**WHAT THE EXERCISE ASKS:**
Retype the full set of data, character for character.

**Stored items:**
□ □ □ □ □

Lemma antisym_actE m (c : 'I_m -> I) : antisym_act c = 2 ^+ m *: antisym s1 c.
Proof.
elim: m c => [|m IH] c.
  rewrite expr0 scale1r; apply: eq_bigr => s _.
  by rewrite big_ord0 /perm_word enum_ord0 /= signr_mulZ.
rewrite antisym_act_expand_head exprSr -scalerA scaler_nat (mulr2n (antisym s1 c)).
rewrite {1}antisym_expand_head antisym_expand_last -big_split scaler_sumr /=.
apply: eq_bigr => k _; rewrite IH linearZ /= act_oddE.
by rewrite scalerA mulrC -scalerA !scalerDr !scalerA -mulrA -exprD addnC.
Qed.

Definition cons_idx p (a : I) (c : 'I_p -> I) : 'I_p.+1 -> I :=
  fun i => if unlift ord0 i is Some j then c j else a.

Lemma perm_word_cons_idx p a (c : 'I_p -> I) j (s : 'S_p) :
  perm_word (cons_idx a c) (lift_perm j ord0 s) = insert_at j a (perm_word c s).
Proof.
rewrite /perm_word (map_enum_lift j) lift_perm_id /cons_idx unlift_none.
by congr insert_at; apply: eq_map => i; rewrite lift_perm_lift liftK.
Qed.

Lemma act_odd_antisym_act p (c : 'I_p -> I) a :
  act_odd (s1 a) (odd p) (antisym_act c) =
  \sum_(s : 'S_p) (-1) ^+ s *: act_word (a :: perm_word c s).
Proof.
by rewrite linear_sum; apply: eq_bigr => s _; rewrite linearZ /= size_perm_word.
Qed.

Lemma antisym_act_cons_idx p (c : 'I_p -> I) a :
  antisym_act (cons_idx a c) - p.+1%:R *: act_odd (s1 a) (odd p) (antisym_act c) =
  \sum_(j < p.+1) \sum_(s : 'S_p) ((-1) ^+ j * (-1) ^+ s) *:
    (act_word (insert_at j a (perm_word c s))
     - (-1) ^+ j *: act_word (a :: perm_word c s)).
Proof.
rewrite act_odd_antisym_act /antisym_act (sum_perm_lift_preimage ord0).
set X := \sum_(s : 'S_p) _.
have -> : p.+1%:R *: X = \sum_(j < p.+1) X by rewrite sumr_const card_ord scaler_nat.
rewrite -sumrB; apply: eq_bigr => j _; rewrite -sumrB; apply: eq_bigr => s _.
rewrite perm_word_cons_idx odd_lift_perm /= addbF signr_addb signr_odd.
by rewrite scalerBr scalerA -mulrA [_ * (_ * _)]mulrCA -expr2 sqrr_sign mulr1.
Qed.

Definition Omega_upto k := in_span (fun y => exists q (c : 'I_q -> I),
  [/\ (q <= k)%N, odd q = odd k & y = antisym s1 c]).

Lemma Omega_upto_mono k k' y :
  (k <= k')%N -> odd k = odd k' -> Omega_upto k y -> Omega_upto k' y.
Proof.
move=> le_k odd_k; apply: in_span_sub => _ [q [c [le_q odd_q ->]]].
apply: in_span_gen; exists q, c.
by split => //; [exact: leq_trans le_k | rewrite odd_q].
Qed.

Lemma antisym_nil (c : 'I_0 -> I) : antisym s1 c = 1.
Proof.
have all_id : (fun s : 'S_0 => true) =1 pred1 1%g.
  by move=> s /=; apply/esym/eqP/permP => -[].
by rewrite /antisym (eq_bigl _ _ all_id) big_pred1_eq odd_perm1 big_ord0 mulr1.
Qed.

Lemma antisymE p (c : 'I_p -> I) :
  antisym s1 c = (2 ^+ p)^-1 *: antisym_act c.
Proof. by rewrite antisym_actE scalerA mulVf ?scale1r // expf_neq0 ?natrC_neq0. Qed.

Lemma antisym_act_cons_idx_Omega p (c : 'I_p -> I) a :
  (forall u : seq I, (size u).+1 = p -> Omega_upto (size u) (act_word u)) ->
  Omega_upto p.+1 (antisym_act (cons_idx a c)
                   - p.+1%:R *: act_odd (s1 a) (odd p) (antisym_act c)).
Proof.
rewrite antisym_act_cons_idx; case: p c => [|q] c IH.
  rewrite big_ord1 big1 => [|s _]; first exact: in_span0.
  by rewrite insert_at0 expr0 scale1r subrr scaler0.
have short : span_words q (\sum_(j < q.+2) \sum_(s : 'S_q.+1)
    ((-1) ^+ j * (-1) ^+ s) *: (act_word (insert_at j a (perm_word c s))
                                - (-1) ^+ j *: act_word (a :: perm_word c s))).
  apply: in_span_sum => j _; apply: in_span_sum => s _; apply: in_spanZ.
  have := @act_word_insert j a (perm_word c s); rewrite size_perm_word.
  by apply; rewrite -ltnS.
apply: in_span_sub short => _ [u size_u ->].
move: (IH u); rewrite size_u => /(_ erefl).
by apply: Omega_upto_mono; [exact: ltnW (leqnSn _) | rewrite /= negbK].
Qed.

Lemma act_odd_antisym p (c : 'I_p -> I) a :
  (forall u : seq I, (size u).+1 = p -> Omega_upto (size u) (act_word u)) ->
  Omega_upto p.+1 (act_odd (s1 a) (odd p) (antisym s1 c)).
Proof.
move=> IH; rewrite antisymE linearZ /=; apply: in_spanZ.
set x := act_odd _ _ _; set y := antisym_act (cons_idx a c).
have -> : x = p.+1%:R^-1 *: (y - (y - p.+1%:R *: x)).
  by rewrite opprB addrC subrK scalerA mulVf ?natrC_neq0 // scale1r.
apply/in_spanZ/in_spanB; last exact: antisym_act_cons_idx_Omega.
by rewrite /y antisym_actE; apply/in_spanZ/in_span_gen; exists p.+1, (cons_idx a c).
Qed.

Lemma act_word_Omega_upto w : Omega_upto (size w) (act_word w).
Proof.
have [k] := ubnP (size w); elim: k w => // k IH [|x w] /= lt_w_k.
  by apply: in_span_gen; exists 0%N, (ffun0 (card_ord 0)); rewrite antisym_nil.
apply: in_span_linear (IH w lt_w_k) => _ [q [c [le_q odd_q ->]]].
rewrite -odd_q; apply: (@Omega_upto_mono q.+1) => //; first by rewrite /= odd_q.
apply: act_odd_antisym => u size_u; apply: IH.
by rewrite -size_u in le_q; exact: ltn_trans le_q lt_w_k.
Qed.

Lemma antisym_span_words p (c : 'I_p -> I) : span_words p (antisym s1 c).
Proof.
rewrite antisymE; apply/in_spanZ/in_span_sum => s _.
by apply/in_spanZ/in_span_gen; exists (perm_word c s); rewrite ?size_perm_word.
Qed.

□ □ □ □ □

**ANSWER SECTION:**
Lemma antisym_actE m (c : 'I_m -> I) : antisym_act c = 2 ^+ m *: antisym s1 c.
Proof.
elim: m c => [|m IH] c.
  rewrite expr0 scale1r; apply: eq_bigr => s _.
  by rewrite big_ord0 /perm_word enum_ord0 /= signr_mulZ.
rewrite antisym_act_expand_head exprSr -scalerA scaler_nat (mulr2n (antisym s1 c)).
rewrite {1}antisym_expand_head antisym_expand_last -big_split scaler_sumr /=.
apply: eq_bigr => k _; rewrite IH linearZ /= act_oddE.
by rewrite scalerA mulrC -scalerA !scalerDr !scalerA -mulrA -exprD addnC.
Qed.

Definition cons_idx p (a : I) (c : 'I_p -> I) : 'I_p.+1 -> I :=
  fun i => if unlift ord0 i is Some j then c j else a.

Lemma perm_word_cons_idx p a (c : 'I_p -> I) j (s : 'S_p) :
  perm_word (cons_idx a c) (lift_perm j ord0 s) = insert_at j a (perm_word c s).
Proof.
rewrite /perm_word (map_enum_lift j) lift_perm_id /cons_idx unlift_none.
by congr insert_at; apply: eq_map => i; rewrite lift_perm_lift liftK.
Qed.

Lemma act_odd_antisym_act p (c : 'I_p -> I) a :
  act_odd (s1 a) (odd p) (antisym_act c) =
  \sum_(s : 'S_p) (-1) ^+ s *: act_word (a :: perm_word c s).
Proof.
by rewrite linear_sum; apply: eq_bigr => s _; rewrite linearZ /= size_perm_word.
Qed.

Lemma antisym_act_cons_idx p (c : 'I_p -> I) a :
  antisym_act (cons_idx a c) - p.+1%:R *: act_odd (s1 a) (odd p) (antisym_act c) =
  \sum_(j < p.+1) \sum_(s : 'S_p) ((-1) ^+ j * (-1) ^+ s) *:
    (act_word (insert_at j a (perm_word c s))
     - (-1) ^+ j *: act_word (a :: perm_word c s)).
Proof.
rewrite act_odd_antisym_act /antisym_act (sum_perm_lift_preimage ord0).
set X := \sum_(s : 'S_p) _.
have -> : p.+1%:R *: X = \sum_(j < p.+1) X by rewrite sumr_const card_ord scaler_nat.
rewrite -sumrB; apply: eq_bigr => j _; rewrite -sumrB; apply: eq_bigr => s _.
rewrite perm_word_cons_idx odd_lift_perm /= addbF signr_addb signr_odd.
by rewrite scalerBr scalerA -mulrA [_ * (_ * _)]mulrCA -expr2 sqrr_sign mulr1.
Qed.

Definition Omega_upto k := in_span (fun y => exists q (c : 'I_q -> I),
  [/\ (q <= k)%N, odd q = odd k & y = antisym s1 c]).

Lemma Omega_upto_mono k k' y :
  (k <= k')%N -> odd k = odd k' -> Omega_upto k y -> Omega_upto k' y.
Proof.
move=> le_k odd_k; apply: in_span_sub => _ [q [c [le_q odd_q ->]]].
apply: in_span_gen; exists q, c.
by split => //; [exact: leq_trans le_k | rewrite odd_q].
Qed.

Lemma antisym_nil (c : 'I_0 -> I) : antisym s1 c = 1.
Proof.
have all_id : (fun s : 'S_0 => true) =1 pred1 1%g.
  by move=> s /=; apply/esym/eqP/permP => -[].
by rewrite /antisym (eq_bigl _ _ all_id) big_pred1_eq odd_perm1 big_ord0 mulr1.
Qed.

Lemma antisymE p (c : 'I_p -> I) :
  antisym s1 c = (2 ^+ p)^-1 *: antisym_act c.
Proof. by rewrite antisym_actE scalerA mulVf ?scale1r // expf_neq0 ?natrC_neq0. Qed.

Lemma antisym_act_cons_idx_Omega p (c : 'I_p -> I) a :
  (forall u : seq I, (size u).+1 = p -> Omega_upto (size u) (act_word u)) ->
  Omega_upto p.+1 (antisym_act (cons_idx a c)
                   - p.+1%:R *: act_odd (s1 a) (odd p) (antisym_act c)).
Proof.
rewrite antisym_act_cons_idx; case: p c => [|q] c IH.
  rewrite big_ord1 big1 => [|s _]; first exact: in_span0.
  by rewrite insert_at0 expr0 scale1r subrr scaler0.
have short : span_words q (\sum_(j < q.+2) \sum_(s : 'S_q.+1)
    ((-1) ^+ j * (-1) ^+ s) *: (act_word (insert_at j a (perm_word c s))
                                - (-1) ^+ j *: act_word (a :: perm_word c s))).
  apply: in_span_sum => j _; apply: in_span_sum => s _; apply: in_spanZ.
  have := @act_word_insert j a (perm_word c s); rewrite size_perm_word.
  by apply; rewrite -ltnS.
apply: in_span_sub short => _ [u size_u ->].
move: (IH u); rewrite size_u => /(_ erefl).
by apply: Omega_upto_mono; [exact: ltnW (leqnSn _) | rewrite /= negbK].
Qed.

Lemma act_odd_antisym p (c : 'I_p -> I) a :
  (forall u : seq I, (size u).+1 = p -> Omega_upto (size u) (act_word u)) ->
  Omega_upto p.+1 (act_odd (s1 a) (odd p) (antisym s1 c)).
Proof.
move=> IH; rewrite antisymE linearZ /=; apply: in_spanZ.
set x := act_odd _ _ _; set y := antisym_act (cons_idx a c).
have -> : x = p.+1%:R^-1 *: (y - (y - p.+1%:R *: x)).
  by rewrite opprB addrC subrK scalerA mulVf ?natrC_neq0 // scale1r.
apply/in_spanZ/in_spanB; last exact: antisym_act_cons_idx_Omega.
by rewrite /y antisym_actE; apply/in_spanZ/in_span_gen; exists p.+1, (cons_idx a c).
Qed.

Lemma act_word_Omega_upto w : Omega_upto (size w) (act_word w).
Proof.
have [k] := ubnP (size w); elim: k w => // k IH [|x w] /= lt_w_k.
  by apply: in_span_gen; exists 0%N, (ffun0 (card_ord 0)); rewrite antisym_nil.
apply: in_span_linear (IH w lt_w_k) => _ [q [c [le_q odd_q ->]]].
rewrite -odd_q; apply: (@Omega_upto_mono q.+1) => //; first by rewrite /= odd_q.
apply: act_odd_antisym => u size_u; apply: IH.
by rewrite -size_u in le_q; exact: ltn_trans le_q lt_w_k.
Qed.

Lemma antisym_span_words p (c : 'I_p -> I) : span_words p (antisym s1 c).
Proof.
rewrite antisymE; apply/in_spanZ/in_span_sum => s _.
by apply/in_spanZ/in_span_gen; exists (perm_word c s); rewrite ?size_perm_word.
Qed.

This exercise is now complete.